Skip to content

strata-ai-labs/strata-python

Folders and files

NameName
Last commit message
Last commit date

Latest commit

 

History

50 Commits
 
 
 
 
 
 
 
 
 
 
 
 
 
 
 
 
 
 
 
 

Repository files navigation

strata-python

Python SDK for StrataDB - an embedded database for AI agents.

PyO3-based bindings embedding the Rust library directly in a Python native extension.

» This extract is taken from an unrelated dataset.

(* For every context $\Gamma$, terms $M,N,A,B$ and variable $x$: if $\Gamma,x:A\vdash M:B$ and $\Gamma\vdash N:A$, then $\Gamma\vdash M[x:=N]:B[x:=N]$.
   Context: Let $\mathcal V$ (the variables) be a type with decidable equality, equipped with functions $\mathrm{encode}:\mathcal V\to\mathbb N$ and $\mathrm{decode}:\mathbb N\to\mathcal V$ such that $\mathrm{encode}(\mathrm{decode}\,n)=n$ for all $n$. Let $\mathcal C$ (the constants) be any type. Terms $\Lambda$ are generated by: $c\,k$ ($k\in\mathcal C$), $v\,x$ ($x\in\mathcal V$), $\lambda[x:A]M$, $\Pi[x:A]B$ and $M\cdot N$; in $\lambda[x:A]M$ and $\Pi[x:A]B$ the name $x$ binds in $M$ (resp. $B$) but not in $A$. Terms are raw first-order syntax (not identified up to renaming of bound variables) and $\equiv$ denotes syntactic identity. The list of free variables is $\mathrm{fv}(c\,k)=[\,]$, $\mathrm{fv}(v\,x)=[x]$, $\mathrm{fv}(\lambda[x:A]M)=\mathrm{fv}\,A\mathbin{+\!\!+}(\mathrm{fv}\,M-x)$, $\mathrm{fv}(\Pi[x:A]B)=\mathrm{fv}\,A\mathbin{+\!\!+}(\mathrm{fv}\,B-x)$, $\mathrm{fv}(M\cdot N)=\mathrm{fv}\,M\mathbin{+\!\!+}\mathrm{fv}\,N$, where $\mathbin{+\!\!+}$ is list concatenation and $xs-x$ deletes every occurrence of $x$ from $xs$. Fix a function $\chi':\mathrm{List}\,\mathbb N\to\mathbb N$ with $\chi'(ns)\notin ns$ for every list $ns$, and put $X'(xs)=\mathrm{decode}(\chi'(\mathrm{map}\ \mathrm{encode}\ xs))$. A substitution is any function $\sigma:\mathcal V\to\Lambda$; $\iota=v$ is the identity substitution; $(\sigma,x:=N)(y)=N$ if $y=x$ and $\sigma\,y$ otherwise. For a substitution $\sigma$ and a list $xs$ of variables, $X(\sigma,xs)=X'(\text{concatenation of the lists }\mathrm{fv}(\sigma\,y)\text{ for }y\in xs)$. The action $M\bullet\sigma$ is defined by structural recursion: $c\,k\bullet\sigma=c\,k$; $v\,x\bullet\sigma=\sigma\,x$; $(M\cdot N)\bullet\sigma=(M\bullet\sigma)\cdot(N\bullet\sigma)$; $(\lambda[x:A]M)\bullet\sigma=\lambda[y:A\bullet\sigma](M\bullet(\sigma,x:=v\,y))$ with $y=X(\sigma,\mathrm{fv}\,M-x)$; $(\Pi[x:A]B)\bullet\sigma=\Pi[y:A\bullet\sigma](B\bullet(\sigma,x:=v\,y))$ with $y=X(\sigma,\mathrm{fv}\,B-x)$. Unary substitution is $M[x:=N]=M\bullet(\iota,x:=N)$. $\alpha$-conversion $\sim_\alpha$ is the inductively defined relation with rules: $c\,k\sim_\alpha c\,k$; $v\,x\sim_\alpha v\,x$; $M\cdot N\sim_\alpha M'\cdot N'$ if $M\sim_\alpha M'$ and $N\sim_\alpha N'$; $\lambda[x:A]M\sim_\alpha\lambda[x':A']M'$ if $A\sim_\alpha A'$ and there is a variable $y$ with $y\notin\mathrm{fv}\,M-x$, $y\notin\mathrm{fv}\,M'-x'$ and $M[x:=v\,y]\equiv M'[x':=v\,y]$; and the same rule with $\Pi$ in place of $\lambda$. $\beta$-contraction is $(\lambda[x:A]M)\cdot N\ \triangleright_\beta\ M[x:=N]$. One-step $\beta$-reduction $\to_\beta$ is its contextual closure, inductively: $M\to_\beta N$ if $M\triangleright_\beta N$; $\lambda[x:A]M\to_\beta\lambda[x:A]M'$ and $\Pi[x:A]M\to_\beta\Pi[x:A]M'$ if $M\to_\beta M'$; $\lambda[x:A]M\to_\beta\lambda[x:A']M$ and $\Pi[x:A]M\to_\beta\Pi[x:A']M$ if $A\to_\beta A'$; $M\cdot P\to_\beta N\cdot P$ and $P\cdot M\to_\beta P\cdot N$ if $M\to_\beta N$. $\beta$-conversion $\simeq_\beta$ is the equivalence (reflexive–symmetric–transitive) closure of $\sim_\alpha\cup\to_\beta$. Pure Type System: fix a binary relation $\mathcal A\subseteq\mathcal C\times\mathcal C$ (axioms) and a ternary relation $\mathcal R\subseteq\mathcal C\times\mathcal C\times\mathcal C$ (rules). A context is a finite list of pairs $(x,A)$ with $x\in\mathcal V$, $A\in\Lambda$; $\Gamma,x:A$ denotes the list $(x,A)::\Gamma$; $\mathrm{dom}\,\Gamma$ is the list of first components; $(x,A)\in\Gamma$ is list membership. The judgments $\Gamma\ \mathrm{ok}$ and $\Gamma\vdash M:A$ are defined mutually inductively by: (nil) $[\,]\ \mathrm{ok}$; (cons) if $\Gamma\ \mathrm{ok}$, $\Gamma\vdash A:c\,s$ and $x\notin\mathrm{dom}\,\Gamma$ then $\Gamma,x:A\ \mathrm{ok}$; (sort) if $\Gamma\ \mathrm{ok}$ and $\mathcal A\,s_1\,s_2$ then $\Gamma\vdash c\,s_1:c\,s_2$; (var) if $\Gamma\ \mathrm{ok}$ and $(x,A)\in\Gamma$ then $\Gamma\vdash v\,x:A$; (prod) if $\mathcal R\,s_1\,s_2\,s_3$, $\Gamma\vdash A:c\,s_1$ and for every $y\notin\mathrm{dom}\,\Gamma$, $\Gamma,y:A\vdash B[x:=v\,y]:c\,s_2$, then $\Gamma\vdash\Pi[x:A]B:c\,s_3$; (abs) if $\mathcal R\,s_1\,s_2\,s_3$, $\Gamma\vdash A:c\,s_1$, for every $z\notin\mathrm{dom}\,\Gamma$, $\Gamma,z:A\vdash B[y:=v\,z]:c\,s_2$, and for every $z\notin\mathrm{dom}\,\Gamma$, $\Gamma,z:A\vdash M[x:=v\,z]:B[y:=v\,z]$, then $\Gamma\vdash\lambda[x:A]M:\Pi[y:A]B$; (app) if $\Gamma\vdash M:\Pi[x:A]B$, $\Gamma\vdash N:A$ and $\Gamma\vdash B[x:=N]:c\,s$ for some $s$, then $\Gamma\vdash M\cdot N:B[x:=N]$; (conv) if $\Gamma\vdash M:A$, $A\simeq_\beta B$ and $\Gamma\vdash B:c\,s$ for some $s$, then $\Gamma\vdash M:B$. (The premises quantified over all fresh names in (prod) and (abs) are infinitely branching.) *)

From Stdlib Require Import List Relations.
Import ListNotations.
Set Implicit Arguments.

No network hop, no serialization overhead beyond the Python/Rust boundary.

Installation

From PyPI (coming soon)

pip install stratadb

From Source

Requires Rust toolchain and maturin:

git clone https://github.com/strata-systems/strata-python.git
cd strata-python
pip install maturin
maturin develop

Quick Start

from stratadb import Strata

# Open a database (or use Strata.cache() for in-memory)
db = Strata.open("/path/to/data")

# Key-value storage
db.kv_put("user:123", "Alice")
print(db.kv_get("user:123"))  # "Alice"

# Branch isolation (like git branches)
db.create_branch("experiment")
db.set_branch("experiment")
print(db.kv_get("user:123"))  # None - isolated

# Space organization within branches
db.set_space("conversations")
db.kv_put("msg_001", "hello")

Features

Six Data Primitives

Primitive Purpose Key Methods
KV Store Working memory, config kv_put, kv_get, kv_delete, kv_list
Event Log Immutable audit trail event_append, event_get, event_list
State Cell CAS-based coordination state_set, state_get, state_cas
JSON Store Structured documents json_set, json_get, json_delete
Vector Store Embeddings, similarity search vector_upsert, vector_search
Branch Data isolation create_branch, set_branch, fork_branch

Transactions

# Context manager (recommended) — auto-commits on success, auto-rollbacks on exception
with db.transaction():
    db.kv_put("key1", "value1")
    db.kv_put("key2", "value2")

# Read-only transaction
with db.transaction(read_only=True):
    value = db.kv_get("key1")

# Manual control
db.begin()
db.kv_put("a", 1)
db.commit()  # or db.rollback()

Search

# Hybrid search across all primitives (KV, JSON, Event, State, Branch, Vector)
results = db.search("weather forecast", k=10)
for hit in results:
    print(f"[{hit['primitive']}] {hit['entity']} (score: {hit['score']:.3f})")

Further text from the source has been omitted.